II - Verificando-se, em recurso interposto com impugnação da decisão proferida sobre a matéria de facto, que a gravação da prova produzida em audiência de julgamento, ou parte dela, não está audível, (...) tal situação configura uma nulidade (secundária) processual (...).

III – Essa nulidade deve ter-se como arguida pelos recorrentes quando nas suas alegações de recurso levantam a questão, insurgindo-se contra a aludida situação de deficiência e, em consequência, se pede a repetição do julgamento.

(...)

V – Deve considerar-se como arguida em tempo a nulidade decorrente de deficiências no registo da gravação que impeçam a reapreciação da prova, quando tal arguição tem lugar com a apresentação das alegações de recurso onde, para além do mais, se impugne a decisão proferida sobre a matéria de facto."


3) Finalmente, atente-se no acórdão de 31-10-2006, proferido no processo n.º 3706/05.4YRCBR, sobre o aproveitamento, como reclamação, de recurso de despacho do relator de processo pendente na Relação e o regime do justo impedimento (ligação directa):

"I – De uma decisão do relator de um processo em recurso pendente no Tribunal da Relação não é admissível recorrer para o STJ, devendo o requerimento da parte que assim proceda ser entendido como uma reclamação para a conferência e assim ser tramitado, por ser este o meio adequado para reagir a uma decisão do relator do processo.

II – O decurso do prazo processual peremptório faz extinguir o direito à prática do acto, regra esta que pode, todavia, pode comportar a excepção do chamado “justo impedimento”.

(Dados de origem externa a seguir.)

Lemma Hk_bounded k {d : R} : in_tube d ->
  exists M, forall s t, 0 <= s <= r -> `|t| <= d -> `|Hk k s t| <= M.
Proof.
move=> tube.
pose A : set (R * R) := `[0, r] `*` `[- d, d].
have cA : compact A by apply: compact_setX; exact: segment_compact.
have inA p : A p -> 0 <= p.1 <= r /\ `|p.2| <= d.
  by case: p => a b [/=]; rewrite !in_itv /= => ->; rewrite ler_norml.
have cf : {within A, continuous (fun p => Hk k p.1 p.2)}.
  apply: continuous_in_subspaceT => p; rewrite inE => /inA [p1 p2].
  by apply: continuous_Hk; [exact: cvg_fst | exact: cvg_snd | exact: tube].
have /compact_bounded [M0 [_ bnd]] := continuous_compact cf cA.
exists (M0 + 1) => s t s0 td.
apply: (bnd (M0 + 1) _ (Hk k s t)); first by rewrite ltrDl.
by exists (s, t) => //; split; rewrite /= in_itv //= -ler_norml.
Qed.

Lemma Etau_diagonal_line (tau' : V -> 'M[R]_n) (u : R) :
  Etau tau' (u *: (v, v) + (x0, y0)) =
  \int[mu]_(s in `[0, r]) tens_eval (tau' (c s + u *: v)) N N.
Proof.
have sameE : (u *: v + y0) - (u *: v + x0) = y0 - x0.
  by rewrite opprD addrACA subrr add0r.
rewrite /Etau /= /rdist /theta /Ndir sameE -/(Ndir x0 y0) -/N -/(rdist x0 y0) -/r.
by apply: eq_Rintegral => s _; rewrite /c [in RHS]addrC addrA.
Qed.

Lemma is_derive_Rintegral_Hk k {d : R} : in_tube d -> forall t : R, `|t| < d ->
  is_derive t 1 (fun u => \int[mu]_(s in `[0, r]) Hk k s u)
                (\int[mu]_(s in `[0, r]) Hk k.+1 s t).
Proof.
move=> tube t td.
have [M bM] := Hk_bounded k.+2 tube.
have r0 := ltW (rdist_gt0 x0_neq_y0).
have tube_lt s u : 0 <= s <= r -> `|u| < d -> O (c s + u *: v).
  by move=> s0r ud; apply: tube => //; exact: ltW.
apply: (@is_derive_Rintegral _ r d M (Hk k) (Hk k.+1) (Hk k.+2)) => //.
- by move=> s u s0r ud; apply: is_derive_Hk; exact: tube_lt.
- move=> s u s0r ud; split; first by apply: is_derive_Hk; exact: tube_lt.
  by apply: bM => //; exact: ltW.
- move=> u ud; apply: continuous_in_subspaceT => s; rewrite inE /= in_itv /= => s0r.
  by apply: (@continuous_Hk R k id (cst u));
    [exact: cvg_id | exact: cvg_cst | exact: tube_lt].
- move=> u ud; apply: continuous_in_subspaceT => s; rewrite inE /= in_itv /= => s0r.
  by apply: (@continuous_Hk R k.+1 id (cst u));
    [exact: cvg_id | exact: cvg_cst | exact: tube_lt].
Qed.

Lemma derive_Etau_diagonal {d : R} : in_tube d -> forall u : R, `|u| < d ->
  'D_(v, v) (Etau tau) (u *: (v, v) + (x0, y0)) = \int[mu]_(s in `[0, r]) Hk 1 s u.
Proof.
move=> tube u ud.
rewrite -(@derive_val _ _ _ _ _ _ _ (is_derive_Rintegral_Hk 0 tube _ ud)) /derive.
congr lim; apply: (congr1 (fun f => fmap f _)); apply/funext => h /=.
rewrite -[h *: 1]/(h * 1) mulr1.
have -> : h *: (v, v) + (u *: (v, v) + (x0, y0)) = (h + u) *: (v, v) + (x0, y0).
  by rewrite scalerDl addrA.
by rewrite !Etau_diagonal_line.
Qed.

Lemma second_derive_Etau_diagonal :
  derivable ('D_(v, v) (Etau tau)) (x0, y0) (v, v) /\
  'D_(v, v) ('D_(v, v) (Etau tau)) (x0, y0) = Etau (cov2 tau v) (x0, y0).
Proof.
have [d d0 tube] := exists_tube.
pose z : V * V := (x0, y0).
have z0 : z = 0 *: (v, v) + z by rewrite scale0r add0r.
have D1 := derive_Etau_diagonal tube.
have [dW vW] := is_derive_Rintegral_Hk 1 tube 0 ltac:(by rewrite normr0).
have Q : (fun h : R => h^-1 *: (('D_(v, v) (Etau tau) \o shift z) (h *: (v, v))
             - 'D_(v, v) (Etau tau) z))
    @ 0^' --> \int[mu]_(s in `[0, r]) Hk 2 s 0.
  rewrite -vW; apply: cvg_trans dW; apply: near_eq_cvg; near=> h => /=.
  have hd : `|h| < d by near: h; exact: dnbhs0_lt.
  rewrite -[h *: 1]/(h * 1) mulr1 addr0 D1 // {1}z0.
  by rewrite D1 ?normr0.
rewrite -/z [in RHS]z0 Etau_diagonal_line.
by split; [apply/cvg_ex; eexists; exact: Q | exact: cvg_lim Q].
Unshelve. all: by end_near. Qed.

End DiagonalTranslation.

Theorem theorem2p4 (R : realType) (n : nat) (O : set 'rV[R]_n)
  (tau : 'rV[R]_n -> 'M[R]_n) (x0 y0 : 'rV[R]_n) (e : 'I_n -> 'rV[R]_n) :
  open O -> convex_set O ->
  smooth_on O tau -> symmetric_field O tau ->
  O x0 -> O y0 -> x0 != y0 ->
  (forall i j : 'I_n, edot (e i) (e j) = (i == j)%:R) ->
  (forall i : 'I_n, nat_of_ord i = n.-1 -> e i = Ndir x0 y0) ->
  forall i : 'I_n,
    let Ei : 'rV[R]_n * 'rV[R]_n := (e i, e i) in
    derivable ('D_Ei (Etau tau)) (x0, y0) Ei /\
    'D_Ei ('D_Ei (Etau tau)) (x0, y0) = Etau (cov2 tau (e i)) (x0, y0).
Proof.
move=> openO convO smooth_tau _ Ox0 Oy0 x0_neq_y0 _ _ i Ei.
exact: (second_derive_Etau_diagonal O tau x0 y0 (e i)
  openO convO smooth_tau Ox0 Oy0 x0_neq_y0).
Qed.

III – No actual conceito de “justo impedimento” deve exigir-se às partes que procedam com a diligência normal, mas já não é de se lhes exigir que entrem em linha de conta com factos e circunstâncias excepcionais (inexistência de um nexo de imputação subjectiva à parte ou ao seu representante pelo facto que causou a ultrapassagem do prazo peremptório).

IV – Se numa 2ª feira uma funcionária de escritório de advocacia não comparece no escritório e nem sequer contacta o escritório para dar conta das razões da sua falta, sendo esse dia o último para dar cumprimento a uma diligência processual para a qual tina sido incumbida, impõe-se ao respectivo advogado que entre em contacto com a referida funcionária ou seus familiares e diligencie no cumprimento da diligência de que incumbira essa funcionária, pelo que, se assim não proceder, não há justo impedimento processual."